The attack flow in a typical data pipeline:

  1. Attacker creates a malicious Parquet file containing a crafted embedded schema with a serialized gadget chain payload
  2. The malicious file is placed somewhere the target reads from:
    • Uploaded to a data lake (S3, GCS, Azure Blob)
    • Sent via an API that accepts Parquet format
    • Injected into a data feed the pipeline reads from
  3. The data pipeline reads the file using Apache Spark, Flink, or another Parquet-consuming framework
  4. The parquet-avro module deserialises the embedded schema, triggering the gadget chain
  5. The gadget chain executes OS commands on the Spark executor or pipeline node

The danger here is that data pipelines often read from partially trusted or untrusted sources (external data feeds, vendor files, customer uploads) and the engineers running them may not think of file parsing as a code execution risk.

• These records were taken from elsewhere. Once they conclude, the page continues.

(* Let $G$ be a simple undirected graph on $n$ vertices, and let $\delta$ be the minimum vertex degree over all graphs in the LC orbit of $G$. Then $$Q(G,4)\le \frac{\gamma(\delta+1)+6^n}{2^n},\qquad\text{where}\qquad \gamma(d)=\sum_{t=0}^{n}\binom{n}{t}2^{t}\left(\sum_{k=\max(1,\,d+t-n)}^{t}\binom{t}{k}2^{\,n-k}\right).$$
   Context: All graphs are finite, simple and undirected. For a vertex $u$, $G\setminus u$ denotes $G$ with $u$ and all its incident edges removed. For a vertex $v$ with neighbourhood $N_v$ (the set of vertices adjacent to $v$), local complementation (LC) on $v$ transforms $G$ into $G*v$ by replacing the induced subgraph of $G$ on $N_v$ by its complement. For an edge $\{u,v\}$, edge local complementation is $G^{(uv)}=G*u*v*u$. The LC orbit of $G$ is the set of all graphs (up to isomorphism) obtainable from $G$ by any finite sequence of LC operations. The interlace polynomial $Q(G)=Q(G,x)$ is defined recursively: for the edgeless graph $E_n$ on $n$ vertices, $Q(E_n)=x^n$; for any other graph $G$, choose any edge $\{u,v\}$ and set $Q(G)=Q(G\setminus u)+Q(G^{(uv)}\setminus u)+Q((G*u)\setminus u)$ (this is independent of the choice of edge). *)

From HB Require Import structures.
From mathcomp Require Import all_boot all_order all_algebra.
Set Implicit Arguments. Unset Strict Implicit. Unset Printing Implicit Defensive.
Import Order.TTheory GRing.Theory Num.Theory.

Definition simple_graph n (e : rel 'I_n) : bool :=
  [forall x, ~~ e x x] && [forall x, forall y, e x y == e y x].

Definition nbhd n (e : rel 'I_n) (v : 'I_n) : {set 'I_n} := [set x | e v x].
Definition deg n (e : rel 'I_n) (v : 'I_n) : nat := #|nbhd e v|.

Definition lc n (e : rel 'I_n) (v : 'I_n) : rel 'I_n :=
  fun x y => e x y (+) [&& x != y, x \in nbhd e v & y \in nbhd e v].

Definition elc n (e : rel 'I_n) (u v : 'I_n) : rel 'I_n :=
  lc (lc (lc e u) v) u.

(* LC orbit: graphs obtainable by a finite sequence of LC operations
   (on the same labelled vertex set; isomorphism does not affect degrees). *)
Definition LC_orbit n (e h : rel 'I_n) : Prop :=
  exists s : seq 'I_n, h = foldl (@lc n) e s.

(* Interlace polynomial of the induced subgraph of e on the vertex set S.
   Removing a vertex u is modelled as S :\ u; since for v in S the induced
   subgraph of (e * v) on S equals (induced subgraph on S) * v, LC can be
   computed on the ambient relation.  An edge {u,v} inside S is chosen by
   [pick]; the recursion is independent of this choice.  The fuel k = #|S|
   suffices, since each recursive call removes one vertex. *)
Fixpoint Qaux n (k : nat) (e : rel 'I_n) (S : {set 'I_n}) : {poly int} :=
  match k with
  | 0 => 'X^#|S|
  | k'.+1 =>
    match [pick uv : 'I_n * 'I_n | [&& uv.1 \in S, uv.2 \in S & e uv.1 uv.2]] with
    | None => 'X^#|S|
    | Some uv =>
        let u := uv.1 in let v := uv.2 in
        (Qaux k' e (S :\ u) + Qaux k' (elc e u v) (S :\ u)
         + Qaux k' (lc e u) (S :\ u))%R
    end
  end.

Definition interlace n (e : rel 'I_n) : {poly int} := Qaux n e [set: 'I_n].

Definition gamma (n d : nat) : nat :=
  \sum_(t < n.+1) 'C(n, t) * 2 ^ t *
     \sum_(maxn 1 (d + t - n) <= k < t.+1) 'C(t, k) * 2 ^ (n - k).

From HB Require Import structures.
From mathcomp Require Import all_boot all_order all_algebra.
From mathcomp Require Import ring zify.
Set Implicit Arguments. Unset Strict Implicit. Unset Printing Implicit Defensive.
Import GRing.Theory Num.Theory.

(* For a vertex set S and weights f v x z, let
        state_sum e S f = sum_{X <= S} prod_{v in S} f v [v in X] (parity e v X),
      where parity e v X says that v has an odd number of neighbours in X.
      Local complementation at w is matched by the involution lc_shift of the
      subsets X (toggle w in X when w is odd in X), and deleting a vertex u
      pins its weight to [u \notin X].  For the weight w4 x z = (x || z ? 1 : 3)
      this turns the interlace recurrence into an identity, so
      Q(G,4) = sum_X 3 ^ #|~: support G X|, support G X = X u {odd vertices}.
   2. Distance.  #|support H X| is invariant under LC (with X moved by
      lc_shift); by induction on #|X|, every nonempty X has support of size
      > delta, the minimum degree of the LC orbit.
   3. Counting.  Hence #|~: support G X| <= min (n - #|X|) (n - delta - 1)
      for X nonempty, while X = set0 contributes 3 ^ n; grouping the sets by
      size and comparing with gamma through C(n,t) C(t,k) = C(n,k) C(n-k,t-k)
      and 3 ^ m = sum_j C(m,j) 2 ^ j gives the bound. *)

Section Parity.
Variable n : nat.
Implicit Types (e : rel 'I_n) (X Y S : {set 'I_n}).

Definition parity e v X : bool := \big[addb/false]_(y in X) e v y.

Definition sym_irrefl e := (forall x, e x x = false) /\ (forall x y, e x y = e y x).

(* The involution on vertex subsets accompanying local complementation at w. *)
Definition lc_shift e w X :=
  if parity e w X then (if w \in X then X :\ w else w |: X) else X.

Lemma parity_setU1 e v w X : w \notin X -> parity e v (w |: X) = e v w (+) parity e v X.
Proof. by move=> wX; rewrite /parity big_setU1. Qed.

Lemma parity_setD1 e v w X : w \in X -> parity e v X = e v w (+) parity e v (X :\ w).
Proof. by move=> wX; rewrite /parity (big_setD1 _ wX). Qed.

Lemma parity_neighbour e w X : parity e w X -> exists2 y, y \in X & e w y.
Proof.
rewrite /parity; case: (pickP [pred y | (y \in X) && e w y]) => [y /andP [] | none].
  by exists y.
by rewrite big1 // => y yX; have := none y; rewrite /= yX.
Qed.

Lemma parity_lc_shift e v w X :
  parity e v (lc_shift e w X) = parity e v X (+) (e v w && parity e w X).
Proof.
rewrite /lc_shift; case: (parity e w X); last by rewrite andbF addbF.
rewrite andbT; case: ifP => wX; last by rewrite parity_setU1 ?wX // addbC.
by rewrite (parity_setD1 e v wX); case: (e v w); case: (parity e v (X :\ w)).
Qed.

Lemma in_lc_shift e w X v :
  (v \in lc_shift e w X) = if v == w then (v \in X) (+) parity e w X else v \in X.
Proof.
rewrite /lc_shift; case: (parity e w X); last by case: eqP; rewrite ?addbF.
case: (boolP (w \in X)) => wX; case: eqVneq => [->|vw]; rewrite !inE ?eqxx.
- by rewrite wX.
- by rewrite vw.
- by rewrite (negbTE wX).
- by rewrite (negbTE vw).
Qed.

Lemma lc_shiftK e w : e w w = false -> involutive (lc_shift e w).
Proof.
move=> eww X; rewrite {1}/lc_shift parity_lc_shift eww addbF /lc_shift.
case: (parity e w X) => //; case: (boolP (w \in X)) => wX.
  by rewrite setD11 setD1K.
by rewrite setU11 setU1K.
Qed.

Lemma lc_shift_sub e w X S : w \in S -> (lc_shift e w X \subset S) = (X \subset S).
Proof.
move=> wS; rewrite /lc_shift; case: (parity e w X) => //; case: ifP => wX.
  by rewrite -{2}(setD1K wX) subUset sub1set wS; apply/idP/idP => // /subset_trans->.
by rewrite subUset sub1set wS.
Qed.

Lemma parity_lc e w v Y :
  parity (lc e w) v Y = parity e v Y (+) (e w v && (parity e w Y (+) (v \in Y))).
Proof.
rewrite /parity /lc big_split /=; congr addb; rewrite /nbhd.
case: (boolP (e w v)) => ewv /=; last first.
  by rewrite big1 // => y _; rewrite !inE (negbTE ewv) andbF.
case: (boolP (v \in Y)) => vY.
  rewrite (big_setD1 v vY) [X in _ = X (+) _](big_setD1 v vY) eqxx /= addbT.
  rewrite inE ewv /= negbK; apply: eq_bigr => y; rewrite !inE => /andP [yv _].
  by rewrite eq_sym yv.
rewrite addbF; apply: eq_bigr => y yY; rewrite !inE ewv /=.
by case: eqP yY vY => // -> ->.
Qed.

Lemma sym_irrefl_lc e w : sym_irrefl e -> sym_irrefl (lc e w).
Proof.
move=> [irr sym]; split=> [x|x y]; first by rewrite /lc irr eqxx.
rewrite /lc (sym x y) (eq_sym x y); congr addb.
by case: (x \in _); case: (y \in _); rewrite ?andbF.
Qed.

End Parity.

Section StateSum.
Variable n : nat.
Implicit Types (e : rel 'I_n) (X Y S : {set 'I_n}) (f : 'I_n -> bool -> bool -> nat).

Definition state_sum e S f : nat :=
  \sum_(X : {set 'I_n} | X \subset S) \prod_(v in S) f v (v \in X) (parity e v X).

Definition upd f u (h : bool -> bool -> nat) : 'I_n -> bool -> bool -> nat :=
  fun v => if v == u then h else f v.

Lemma sum_subsets_split (F : {set 'I_n} -> nat) S u : u \in S ->
  \sum_(X : {set 'I_n} | X \subset S) F X
  = \sum_(Y : {set 'I_n} | Y \subset S :\ u) (F Y + F (u |: Y)).
Proof.
move=> uS; rewrite big_split /= (bigID (fun X => u \in X)) /= addnC.
congr (_ + _); first by apply: eq_bigl => X; rewrite subsetD1.
rewrite (reindex_onto (fun Y => u |: Y) (fun X => X :\ u)); last first.
  by move=> X /andP [_ uX]; rewrite setD1K.
apply: eq_bigl => Y; rewrite subsetD1 setU11 andbT subUset sub1set uS /=.
case: (boolP (u \in Y)) => uY /=; last by rewrite setU1K // eqxx andbT.
by rewrite andbF; apply/negbTE/nandP; right; apply: contraTneq uY => <-; rewrite setD11.
Qed.

Lemma state_sum_ext e S f g : (forall v x z, f v x z = g v x z) ->
  state_sum e S f = state_sum e S g.
Proof. by move=> fg; apply: eq_bigr => X _; apply: eq_bigr => v _; rewrite fg. Qed.

Lemma state_sum_del e S f u : u \in S ->
  state_sum e (S :\ u) f = state_sum e S (upd f u (fun x _ => ~~ x : nat)).
Proof.
move=> uS; rewrite /state_sum (sum_subsets_split _ uS); apply: eq_bigr => Y.
rewrite subsetD1 => /andP [_ uY].
rewrite (big_setD1 u uS) [X in _ = _ + X](big_setD1 u uS) /upd !eqxx setU11 /=.
rewrite (negbTE uY) mul0n addn0 mul1n.
by apply: eq_bigr => v; rewrite !inE => /andP [/negbTE -> _].
Qed.

(* local complementation at w, transported along the involution lc_shift *)
Lemma state_sum_lc e S f w : sym_irrefl e -> w \in S ->
  state_sum (lc e w) S f
  = state_sum e S (fun v x z => if v == w then f v (x (+) z) z
                                else if e w v then f v x (z (+) x) else f v x z).
Proof.
move=> [irr sym] wS; have shiftK := lc_shiftK (irr w).
rewrite /state_sum (reindex_inj (can_inj shiftK)).
apply: eq_big => [X | X _]; first by rewrite lc_shift_sub.
apply: eq_bigr => v _; rewrite parity_lc !parity_lc_shift !in_lc_shift.
case: (eqVneq v w) => [->|vw]; first by rewrite irr /= !addbF.
rewrite (sym v w) (irr w) /=; case: (e w v) => /=; last by rewrite !addbF.
by case: (parity e v X); case: (parity e w X); case: (v \in X).
Qed.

Real-World Exploitation Evidence

As of the initial CISA KEV addition, exploitation was confirmed in the wild, though detailed campaign documentation was limited at disclosure time. The severity and the breadth of the attack surface (essentially any Java application reading Parquet files) made it an immediate priority:

  • Supply chain risk — the attack vector via data files means exploits don’t need network access to the victim; injecting a file into a shared data lake is sufficient
  • Cloud environment targeting — Spark clusters in AWS, GCP, and Azure run with cloud IAM permissions; code execution on a Spark executor can lead to cloud credential theft and broader cloud account compromise
  • Data exfiltration — pipelines processing sensitive analytical data are high-value targets
  • Broad ecosystem impact — parquet-avro is a transitive dependency in many data frameworks; the blast radius is significant

Impact Assessment

  • Remote code execution on data processing nodes (Spark workers, Flink nodes, ETL servers)
  • Cloud credential theft — cloud execution environments have IAM roles; code execution on them exposes cloud credentials
  • Data access and exfiltration — the processing pipeline has access to the data it processes; full exfiltration possible
  • Lateral movement — from Spark worker nodes, attackers can move to cluster infrastructure
  • Data manipulation — writing malicious data back to the pipeline, corrupting analytics
  • Persistent access — backdoors in data processing infrastructure can be difficult to detect

Affected Versions

ProductAffected VersionsFixed Version
Apache Parquet1.15.0 and earlier1.15.1

Note: Only affects the parquet-avro module. Pure parquet-mr without Avro schema support is not affected.

Remediation Steps

  1. Update parquet-avro to version 1.15.1 or later in all dependencies
  2. In Maven:
    <dependency>
      <groupId>org.apache.parquet</groupId>
      <artifactId>parquet-avro</artifactId>
      <version>1.15.1</version>
    </dependency>
  3. In Gradle:
    implementation 'org.apache.parquet:parquet-avro:1.15.1'
  4. Check transitive dependencies — many frameworks include parquet-avro as a transitive dependency; you may need to force the version:
    configurations.all {
      resolutionStrategy.force 'org.apache.parquet:parquet-avro:1.15.1'
    }
  5. Review data sources that feed Parquet files into your pipelines — if any are untrusted, add validation
  6. Audit cloud IAM permissions for Spark/Flink execution roles — least privilege reduces the blast radius of any code execution
  7. Deploy Java security managers or equivalent sandboxing where applicable

Detection Guidance

Data pipeline monitoring — look for:

  • Unexpected process execution from Spark executor JVMs
  • Unusual network connections from pipeline nodes
  • Abnormal CPU patterns that might indicate crypto mining or large data exfiltration

Cloud audit logs — if running in AWS/GCP/Azure:

  • Look for unexpected API calls from Spark instance IAM roles
  • Monitor for unusual data access patterns (large GetObject requests, cross-region data movement)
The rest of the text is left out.